Hi, I have developed the following code to calculate matrix multiplication.

```
do i=1,n
do j=1,n
XA(j,i)=Zero
XCa(j,i)=Zero
XMA(j,i)=Zero
XMB(j,i)=Zero
end do
end do
C
itmp2=0
do i=1,n
XA(i,i)=real(((i*(i-1))/2)+i)
if(i.eq.(itmp2*68+1))then
itmp2=itmp2+1
do j=i+1,n
l=((j*(j-1))/2)+i
XA(j,i)=real(l)
XA(i,j)=XA(j,i)
end do
endif
end do
C
do i=1,n
do j=1,n
XCa(j,i)=One/(Ten**4)
end do
end do
C
call FDate(DayTim)
write(*,"5X,A") DayTim
C
Do i=1,25
call XGEMM(1,'N','N',n,n,n,one,XCa,n,XA,n,one,XMA,n)
call XGEMM(1,'N','T',n,n,n,one,XCa,n,XA,n,one,XMB,n)
End do
C
call FDate(DayTim)
write(*,"5X,A") DayTim
```

where the main part of XGEMM is:

```
XM = M
XK = K
XN = N
XLDA = LDA
XLDB = LDB
XLDC = LDC
MinCoW = 3
....
C$OMP Parallel
C$OMP Single
C$ Np=OMP_GET_NUM_THREADS()
C$OMP End Single
C$OMP End Parallel
ColPW = Max((N+NP-1)/NP,MinCoW)
NWork = (N+ColPW-1)/ColPW
IncB = LDB*ColPW
IncC = ColPW*LDC
C$OMP Parallel Do Default(Shared) Schedule(Static,1) Private(IP,XN)
Do 100 IP = 0, (NWork-1)
XN = Min(N-IP*ColPW,ColPW)
Call DGEMM(XStr1,XStr2,XM,XN,XK,Alpha,A,XLDA,B(1+IP*IncB),
$ XLDB,Beta,C(1+IP*IncC),XLDC)
100 Continue
```

As we can see from the first part of the code, matrix XA is a very sparse matrix (>99%, the dimension of the matrices is 3000*3000).
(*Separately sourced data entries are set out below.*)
(* Let $X$ be a real Banach space with $\operatorname{dens} X = \kappa$. If $D \subseteq X$ is covered by fewer than $\operatorname{cf}(\kappa)$ many hyperplanes of $X$, then $D$ does not contain any overcomplete set for $X$.
   Context: A hyperplane of $X$ is a closed linear subspace of codimension one (the kernel of a non-zero bounded linear functional). $\operatorname{dens}$ denotes the density character and $\operatorname{cf}$ the cofinality. A subset $S$ of a Banach space $X$ with $|S| = \operatorname{dens} X$ is called overcomplete (for $X$) if every subset $\Lambda \subseteq S$ with $|\Lambda| = |S|$ is linearly dense in $X$. *)

From HB Require Import structures.
From mathcomp Require Import all_boot all_order all_algebra.
From mathcomp Require Import all_classical all_reals all_analysis.
Set Implicit Arguments. Unset Strict Implicit. Unset Printing Implicit Defensive.
Import Order.TTheory GRing.Theory Num.Theory.
Import numFieldNormedType.Exports.
Local Open Scope classical_set_scope.
Local Open Scope ring_scope.
Local Open Scope card_scope.

Section Defs.
Variables (R : realType) (X : completeNormedModType R).

(* S has cardinality dens X = min { |D| : D dense in X } *)
Definition has_dens_card {T : Type} (S : set T) : Prop :=
  (exists D : set X, dense D /\ D #<= S) /\
  (forall D : set X, dense D -> S #<= D).

Definition bounded_linear_functional (f : X -> R) : Prop :=
  (forall (a : R) (x y : X), f (a *: x + y) = a * f x + f y) /\ continuous f.

Definition hyperplane (H : set X) : Prop :=
  exists f : X -> R, bounded_linear_functional f /\ (exists x, f x != 0) /\
    H = f @^-1` [set 0].

Definition lin_span (L : set X) : set X :=
  [set x | exists (n : nat) (v : 'I_n -> X) (a : 'I_n -> R),
      (forall i, L (v i)) /\ x = \sum_(i < n) a i *: v i].

Definition linearly_dense (L : set X) : Prop := closure (lin_span L) = setT.

Definition overcomplete (S : set X) : Prop :=
  has_dens_card S /\
  forall L : set X, L `<=` S -> L #= S -> linearly_dense L.

End Defs.

(* A strict well-order lt on W such that every proper initial segment has
   cardinality strictly smaller than W: W with lt is (a copy of) the initial
   ordinal of the cardinal |W|. *)
Definition initial_well_order {T : Type} (W : set T) (lt : T -> T -> Prop) : Prop :=
  (forall x, W x -> ~ lt x x) /\
  (forall x y z, W x -> W y -> W z -> lt x y -> lt y z -> lt x z) /\
  (forall x y, W x -> W y -> x = y \/ lt x y \/ lt y x) /\
  (forall A : set T, A `<=` W -> A !=set0 ->
     exists2 m, A m & forall y, A y -> ~ lt y m) /\
  (forall x, W x -> ~ (W #<= [set y | W y /\ lt y x])).

Definition cofinal {T : Type} (W : set T) (lt : T -> T -> Prop) (C : set T) : Prop :=
  C `<=` W /\ forall x, W x -> exists2 c, C c & ~ lt c x.

(* |I| < cf(W, lt) = min { |C| : C cofinal in W } *)
Definition card_lt_cf (I : Type) {T : Type} (W : set T) (lt : T -> T -> Prop) : Prop :=
  forall C : set T, cofinal W lt C -> (@setT I) #<= C /\ ~ (C #<= @setT I).

(* Fix an injection g of an initial well-order W of size
   kappa = dens X into an overcomplete set S inside the union of the
   hyperplanes H i.  The pieces [W i = g^-1 (H i)] cover W with fewer than
   cf kappa pieces; a piece of size < kappa is, up to cardinality, below some
   proper initial segment, and fewer than cf kappa segments are all below a
   single one, of size < kappa.  If every piece were small, W would thus
   inject into I x (a proper segment), a product of two sets of size < kappa,
   which has size < kappa by Hessenberg's theorem kappa x kappa = kappa.
   Hence some S `&` H i has size kappa, so it must be linearly dense; but its
   span lies in the closed proper subspace H i. *)

From HB Require Import structures.
From mathcomp Require Import all_boot all_order all_algebra.
From mathcomp Require Import all_classical all_reals all_analysis.
Import numFieldNormedType.Exports.
Local Open Scope classical_set_scope.
Local Open Scope ring_scope.
Local Open Scope card_scope.
Set Implicit Arguments. Unset Strict Implicit. Unset Printing Implicit Defensive.
Import GRing.Theory.

Lemma card_le_fun T U (A : set T) (B : set U) (f : T -> U) :
  (forall x, A x -> B (f x)) ->
  (forall x y, A x -> A y -> f x = f y -> x = y) -> A #<= B.
Proof.
move: B f; elim/Ppointed: U => U B f fAB finj.
  by have -> : A = set0 by apply/seteqP; split=> // x _; case: (no (f x)).
apply/pcard_leP/injfunPex; exists f => // x y /set_mem Ax /set_mem Ay.
exact: finj.
Qed.

Lemma card_le_rel T U (A : set T) (B : set U) (R : T -> U -> Prop) :
  (forall x, A x -> exists2 y, B y & R x y) ->
  (forall x x' y, A x -> A x' -> R x y -> R x' y -> x = x') -> A #<= B.
Proof.
move=> RAB Rinj; have [[a Aa]|/nonemptyPn->] := pselect (A !=set0); last first.
  exact: card_ge0.
have [b0 _ _] := RAB a Aa.
have /choice[f fP] : forall x, exists y, A x -> B y /\ R x y.
  move=> x; have [/RAB[y By Rxy]|] := pselect (A x); first by exists y.
  by exists b0.
apply: (card_le_fun (f := f)) => [x /fP[]//|x y Ax Ay fxy].
by apply: (Rinj x y (f x) Ax Ay); [case: (fP x Ax)|rewrite fxy; case: (fP y Ay)].
Qed.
Since in DGEMM code there is a sparse test of matrix XA if the multiplication form is XCa*XA or XCa*XA(T), I make both matrix multiplication in such form.

Then the problem arises: when I use the **PGI 7.1.6 library** to compile this code, to **finish 25 times matrix multiplication**, the time is about **635 seconds**. But the speedup for parallelization is very good: for 8 processors I can get the speedup around 7.

However, when I compile this code **without any library** (with DGEMM code in my source code), the time used for **25 multiplications** is about **55 seconds**. But the speedup for parallelization is quite poor: no matter how many processors I have used, the speedup is never over 2.

I am very confused. I thought the library based DGEMM should be much faster than the code itself no matter whether the matrix XA is sparse or not. But now why is it slower? And why the non-library based DGEMM has such a poor speedup? Some one can help me on this? Thank you so much.